**Exercise details:** Treat the line with "(up a l.*2 ++ nseq l.+1 (a l.*2.+1))" as the starting point. Write it out and every line after it through the end of the listing below, exactly.

**Material for the task:**

Lemma ladder_lift_kills (phi : Mp -> M0) :
  is_affhom Ap (sflow 1 A0) phi -> (forall p, phi (ip p) = ladder_map p) ->
  forall x, gen_sub Ap w x -> phi x = 0.
Proof.
move=> phi_hom phi_ip x; apply: affhom_gen_sub0 (sflow_affmod 1 hA0) (phi_hom) _.
case: phi_hom => _ [_ [-> _]]; rewrite phi_ip -(expr0 'X) ladder_mapX /= addNr.
by case: (parhom_D0_vacuum hi0) => [[]].
Qed.

Lemma vacuum_lift_ladder (psi : M0 -> Q) :
  is_affhom A0 (sflow (-1) QA) psi -> (forall c, psi (i0 c) = c *: lw_class 1) ->
  forall p, psi (ladder_map p) = lw_class p.
Proof.
move=> [lpsi [psiJp _]] psi_i0 p.
have [lcls [clsJp _]] := lw_class_parhom.
have psi_ladder m : psi (ladder m) = lw_class 'X^m.
  elim: m => [|m IH] /=; first by rewrite psi_i0 scale1r expr0.
  rewrite (linmapZ lpsi) psiJp sflowJp IH subrr -clsJp Dplus_JpX (linmapZ lcls).
  by rewrite scalerA mulVf ?Dplus_coef_neq0 // scale1r.
rewrite -[in RHS](coefK p) poly_def (linmap_sum lcls) (linmap_sum lpsi).
by apply: eq_bigr => i _; rewrite (linmapZ lpsi) (linmapZ lcls) psi_ladder.
Qed.

Lemma Dplus_flow_quotient :
  exists phi : Mp -> M0,
    [/\ is_affhom Ap (sflow 1 A0) phi, (forall y, exists x, phi x = y) &
        (forall x, phi x = 0 <-> gen_sub Ap w x)].
Proof.
have hQ := sflow_affmod (-1) (quot_act_affmod hAp hW).
have [phi [phi_hom phi_ip]] :=
  prolong_lift hP (sflow_affmod 1 hA0) (ladder_map_parhom hA0 hi0).
have phiW := ladder_lift_kills phi_hom phi_ip.
have [psi [psi_hom psi_i0]] := prolong_lift h0 hQ (vacuum_parhom_D0 hQ lw_class_vacuum).
have [bar_hom bar_pr] := affhom_factor hW phi_hom phiW.
exists phi; split=> // [y|x]; last split=> [phix0|]; last exact: phiW.
- have rho_hom : is_affhom A0 A0 ((phi \o qr) \o psi).
    apply: affhom_comp psi_hom; apply: affhom_ext (acteq_refl _) (sflowK (-1) A0) _.
    exact: affhom_sflow.
  have rho_id := prolong_uniq h0 hA0 rho_hom (affhom_id A0).
  exists (qr (psi y)); apply: rho_id => c /=.
  rewrite psi_i0 /lw_class -qprojZ bar_pr (linmapZ (proj1 phi_hom)) phi_ip.
  rewrite -(expr0 'X) ladder_mapX /= -(linmapZ (proj1 hi0)); congr i0; exact: mulr1.
- have sigma_hom : is_affhom Ap QA (psi \o phi).
    apply: affhom_comp phi_hom; apply: affhom_ext (acteq_refl _) (sflowK 1 QA) _.
    exact: affhom_sflow.
  apply/(qproj_eq0 (submod0 hW) (submod_lin hW)).
  have := prolong_uniq hP (quot_act_affmod hAp hW) (qproj_affhom hAp hW) sigma_hom.
  move=> /(_ _)/(_ x) -> /=; first by rewrite phix0 (linmap0 (proj1 psi_hom)).
  by move=> p /=; rewrite phi_ip vacuum_lift_ladder.
Qed.

End Quotient.

End AtLevel.

Theorem proposition3p11 (C : numClosedFieldType) (k : int) (hk : k < -2)
  (Mp : lmodType C) (Ap : affact Mp) (ip : {poly C} -> Mp)
  (Mm : lmodType C) (Am : affact Mm) (im : {poly C} -> Mm)
  (M0 : lmodType C) (A0 : affact M0) (i0 : C^o -> M0) :
  let kC : C := k%:~R in
  let j : C := kC / 2 in
  let h : C := - (j * (j + 1)) / (kC + 2) in
  is_prolongation (Dplus j) kC h Ap ip ->
  is_prolongation (Dminus j) kC h Am im ->
  is_prolongation (D0 C) kC 0 A0 i0 ->
  (exists phi : Mp -> M0,
      [/\ is_affhom Ap (sflow 1 A0) phi,
          (forall y, exists x, phi x = y) &
          (forall x, phi x = 0 <-> gen_sub Ap (aJm Ap (-1) (ip 1)) x)]) /\
  (exists phi : Mm -> M0,
      [/\ is_affhom Am (sflow (-1) A0) phi,
          (forall y, exists x, phi x = y) &
          (forall x, phi x = 0 <-> gen_sub Am (aJp Am (-1) (im 1)) x)]).
Proof.
move=> kC j h hp hm h0.
have kC_Nnat (m : nat) : kC != m%:R by rewrite pmulrn eqr_int; apply/eqP; lia.
have kC_neqN2 : kC + 2 != 0.
  by rewrite -[2]/(2%:~R : C) -rmorphD intr_eq0; apply/eqP; lia.
split; first exact: (Dplus_flow_quotient kC_Nnat kC_neqN2 hp h0).
have [phi [phi_hom phi_surj phi_ker]] := Dplus_flow_quotient kC_Nnat kC_neqN2
  (prolong_ext (omega_Dminus j) (omega_prolong hm))
  (prolong_ext (omega_D0 C) (omega_prolong h0)).
exists phi; split=> // [|x].
  exact: affhom_ext (omegaK Am) (omega_sflow 1 A0) (omega_affhom phi_hom).
by rewrite phi_ker; exact: gen_sub_omega.
Qed.
Lemma transports_up l : l.*2.+1 <= N ->
  transports (up a l.*2.+1 ++ up a l.*2) (act (mcg_inv (phi a l)))
    ([seq bbar a k.*2 | k <- iota 1 l] ++ up a l.*2 ++ nseq l.+1 (a l.*2.+1)).
Proof.
elim: l => [|l IH] lN.
  by apply: transports_ext (transports_rot_left [::] (a 1)) => c; rewrite act_phiV_top.
rewrite doubleS in lN *; have {}IH := IH (leq_trans (leqnSn _) (ltnW lN)).
set x := a l.*2.+1; set y := a l.*2.+2; set z := a l.*2.+3.
set Up := up a l.*2; set Bb := [seq bbar a k.*2 | k <- iota 1 l].
have xy : meet_once x y by apply: chain_meet_once; lia.
have yz : meet_once y z by apply: chain_meet_once; lia.
have xz : disjoint x z by apply: chain_disjoint; lia.
have -> : simL (up a l.*2.+3 ++ up a l.*2.+2) (Up ++ x :: Up ++ [:: y; z; x; y]).
  rewrite !upS -/x -/y -/z -/Up -!catA !cat1s.
  rewrite (simL_commute_right (c := z) (M := Up)) ?(simL_commute_right (c := y) (M := Up)).
  - reflexivity.
  - by apply: up_fix_tw; lia.
  - by apply: up_fix_tw; lia.
have T1 : transports (Up ++ x :: Up ++ [:: y; z; x; y]) (act (mcg_inv (phi a l)))
    (Bb ++ Up ++ nseq l.+1 x ++
       [:: iter l.+1 (act (mcg_inv (tw x))) y; z; x; iter l.+1 (act (mcg_inv (tw x))) y]).
  have Px : act (mcg_inv (phi a l)) x = x.
    apply: act_inv_fix; rewrite act_phi_top => [|k kl]; last by apply: chain_disjoint; lia.
    by apply: iter_fix; apply: tw_self.
  have Py : act (mcg_inv (phi a l)) y = iter l.+1 (act (mcg_inv (tw x))) y.
    by rewrite act_phiV_top => // k kl; [apply: chain_disjoint | apply: chain_disjoint_sym]; lia.
  have Pz : act (mcg_inv (phi a l)) z = z.
    by apply: act_inv_fix; rewrite phi_fix => // k kl; apply: chain_disjoint; lia.
  by move: (transports_suffix [:: y; z; x; y] IH); rewrite upS -!catA /= Px Py Pz.
have T2 := transports_prefix (Bb ++ Up) (three_chain_up xy yz xz l.+1).
rewrite map_iter_fix -?catA in T2; last first.
  by apply: map_act_inv_fix; rewrite map_cat up_fix_tw ?bbar_fix //; lia.
have -> : [seq bbar a k.*2 | k <- iota 1 l.+1] = Bb ++ [:: bbar a l.*2.+2].
  by rewrite iotaSr map_cat /= add1n doubleS.
rewrite !upS -/Up -!catA !cat1s -(simL_commute_left (c := bbar a l.*2.+2) (M := Up)).
  apply: transports_ext (transports_comp T1 T2) => c.
  by rewrite act_phiVS // => k kl; apply: chain_disjoint; lia.
exact: up_fix_bbar.
Qed.
End Chain.

Theorem lemma3p4 (Sf : surface) (l : nat) (a : nat -> Curve Sf) (D E : word Sf) :
  1 <= l -> is_chain a l.*2.+1 ->
  simC (D ++ down a l.*2 ++ down a l.*2.+1 ++ E)
       (conjw (phi a l) D
          ++ (nseq l.+1 (a l.*2.+1) ++ down a l.*2)
          ++ [seq bcurve a k.*2 | k <- rev (iota 1 l)]
          ++ conjw (phi a l) E)
  /\
  simC (D ++ up a l.*2.+1 ++ up a l.*2 ++ E)
       (conjw (mcg_inv (phi a l)) D
          ++ [seq bbar a k.*2 | k <- iota 1 l]
          ++ (up a l.*2 ++ nseq l.+1 (a l.*2.+1))
          ++ conjw (mcg_inv (phi a l)) E).
Proof.
move=> _ chain; rewrite /conjw -!catA; split.
- by have := transports_down chain (leqnn _) D E; rewrite -!catA.
- by have := transports_up chain (leqnn _) D E; rewrite -!catA.
Qed.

**Solution to this exercise:**
          ++ (up a l.*2 ++ nseq l.+1 (a l.*2.+1))
          ++ conjw (mcg_inv (phi a l)) E).
Proof.
move=> _ chain; rewrite /conjw -!catA; split.
- by have := transports_down chain (leqnn _) D E; rewrite -!catA.
- by have := transports_up chain (leqnn _) D E; rewrite -!catA.
Qed.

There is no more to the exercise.